Return, exactly as written, every line from the first line of the data below through the line that contains "[(2I - W)/eta], because".
=== Begin Enclosure ===
Definition ADAPD (N p : nat) (f : 'I_N -> 'rV[R]_p -> R) (W S : 'M[R]_N) (eta : R)
  (eps : nat -> R) (X X0 Y Z : nat -> 'M[R]_(N, p)) : Prop :=
  (exists V : 'M[R]_(N, p), Z 0%N = S *m V) /\
  forall k : nat,
    (forall i : 'I_N,
       frob (row i (gradF f (X k.+1) + Y k + eta^-1 *: (X k.+1 - X0 k))) ^+ 2
         <= eps k.+1 / N%:R) /\
    X0 k.+1 = 2^-1 *: (W *m X0 k + X k.+1 + eta *: (Y k - S *m Z k)) /\
    Y k.+1 = Y k + eta^-1 *: (X k.+1 - X0 k.+1) /\
    Z k.+1 = Z k + eta^-1 *: (S *m X0 k.+1).

End Defs.

(** The augmented Lagrangian is a quadratic function of [X0] whose Hessian is
    [(2I - W)/eta], because [S^T S = I - W]; since a doubly stochastic [W]
    shrinks the Frobenius norm, [|<D, W D>| <= |D|^2] and the Hessian has norm
    at most [3/eta].  The [X0]-step of ADAPD is designed so that the gradient
    at the new point is [-(W D)/eta] with [D = X0^{k+1} - X0^k]; expanding the
    quadratic around the new point then gives the decrease
    [-(2|D|^2 + <D, W D>)/(2 eta) <= -|D|^2/(2 eta)].  Since [F] does not
    depend on [X0], no regularity of the [f_i] is needed. *)

From HB Require Import structures.
From mathcomp Require Import all_boot all_order all_algebra.
From mathcomp Require Import all_classical all_reals all_analysis.
From mathcomp Require Import ring lra.
Import Order.TTheory GRing.Theory Num.Theory.
Import numFieldNormedType.Exports.
Local Open Scope ring_scope.

Set Implicit Arguments.
Unset Strict Implicit.
Unset Printing Implicit Defensive.

Section FrobeniusInner.
Variables (R : realType) (m n : nat).
Implicit Types (A B C : 'M[R]_(m, n)) (a : R).

Lemma frob_innerC A B : frob_inner A B = frob_inner B A.
Proof. by apply: eq_bigr => i _; apply: eq_bigr => j _; rewrite mulrC. Qed.

Lemma frob_innerDl A B C : frob_inner (A + B) C = frob_inner A C + frob_inner B C.
Proof.
rewrite /frob_inner -big_split; apply: eq_bigr => i _.
by rewrite -big_split; apply: eq_bigr => j _; rewrite mxE mulrDl.
Qed.

Lemma frob_innerZl a A B : frob_inner (a *: A) B = a * frob_inner A B.
Proof.
rewrite /frob_inner mulr_sumr; apply: eq_bigr => i _.
by rewrite mulr_sumr; apply: eq_bigr => j _; rewrite mxE mulrA.
Qed.

Lemma frob_innerNl A B : frob_inner (- A) B = - frob_inner A B.
Proof. by rewrite -scaleN1r frob_innerZl mulN1r. Qed.

Lemma frob_innerDr A B C : frob_inner A (B + C) = frob_inner A B + frob_inner A C.
Proof. by rewrite frob_innerC frob_innerDl !(frob_innerC A). Qed.

Lemma frob_innerZr a A B : frob_inner A (a *: B) = a * frob_inner A B.
Proof. by rewrite frob_innerC frob_innerZl frob_innerC. Qed.

Lemma frob_innerNr A B : frob_inner A (- B) = - frob_inner A B.
Proof. by rewrite frob_innerC frob_innerNl frob_innerC. Qed.

Lemma frob_inner_ge0 A : 0 <= frob_inner A A.
Proof. by apply: sumr_ge0 => i _; apply: sumr_ge0 => j _; exact: sqr_ge0. Qed.

Lemma frob_innerDD A B :
  frob_inner (A + B) (A + B) = frob_inner A A + 2 * frob_inner A B + frob_inner B B.
Proof. by rewrite !(frob_innerDl, frob_innerDr) (frob_innerC B A); ring. Qed.

Lemma frob_inner_delta_mx A i j : frob_inner A (delta_mx i j) = A i j.
Proof.
rewrite /frob_inner (bigD1 i) //= [X in _ + X]big1 => [|k ki]; last first.
  by apply: big1 => l _; rewrite mxE (negbTE ki) mulr0.
rewrite addr0 (bigD1 j) //= [X in _ + X]big1 => [|l lj]; last first.
  by rewrite mxE (negbTE lj) andbF mulr0.
by rewrite mxE !eqxx mulr1 addr0.
Qed.

Lemma frob_sqr A : frob A ^+ 2 = frob_inner A A.
Proof. by rewrite sqr_sqrtr // frob_inner_ge0. Qed.

Lemma frobZ a A : 0 <= a -> frob (a *: A) = a * frob A.
Proof.
move=> a_ge0; rewrite /frob frob_innerZl frob_innerZr mulrA sqrtrM ?mulr_ge0 //.
by rewrite -expr2 sqrtr_sqr ger0_norm.
Qed.

End FrobeniusInner.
=== End Enclosure ===
Reply.
Definition ADAPD (N p : nat) (f : 'I_N -> 'rV[R]_p -> R) (W S : 'M[R]_N) (eta : R)
  (eps : nat -> R) (X X0 Y Z : nat -> 'M[R]_(N, p)) : Prop :=
  (exists V : 'M[R]_(N, p), Z 0%N = S *m V) /\
  forall k : nat,
    (forall i : 'I_N,
       frob (row i (gradF f (X k.+1) + Y k + eta^-1 *: (X k.+1 - X0 k))) ^+ 2
         <= eps k.+1 / N%:R) /\
    X0 k.+1 = 2^-1 *: (W *m X0 k + X k.+1 + eta *: (Y k - S *m Z k)) /\
    Y k.+1 = Y k + eta^-1 *: (X k.+1 - X0 k.+1) /\
    Z k.+1 = Z k + eta^-1 *: (S *m X0 k.+1).

End Defs.

(** The augmented Lagrangian is a quadratic function of [X0] whose Hessian is
    [(2I - W)/eta], because [S^T S = I - W]; since a doubly stochastic [W]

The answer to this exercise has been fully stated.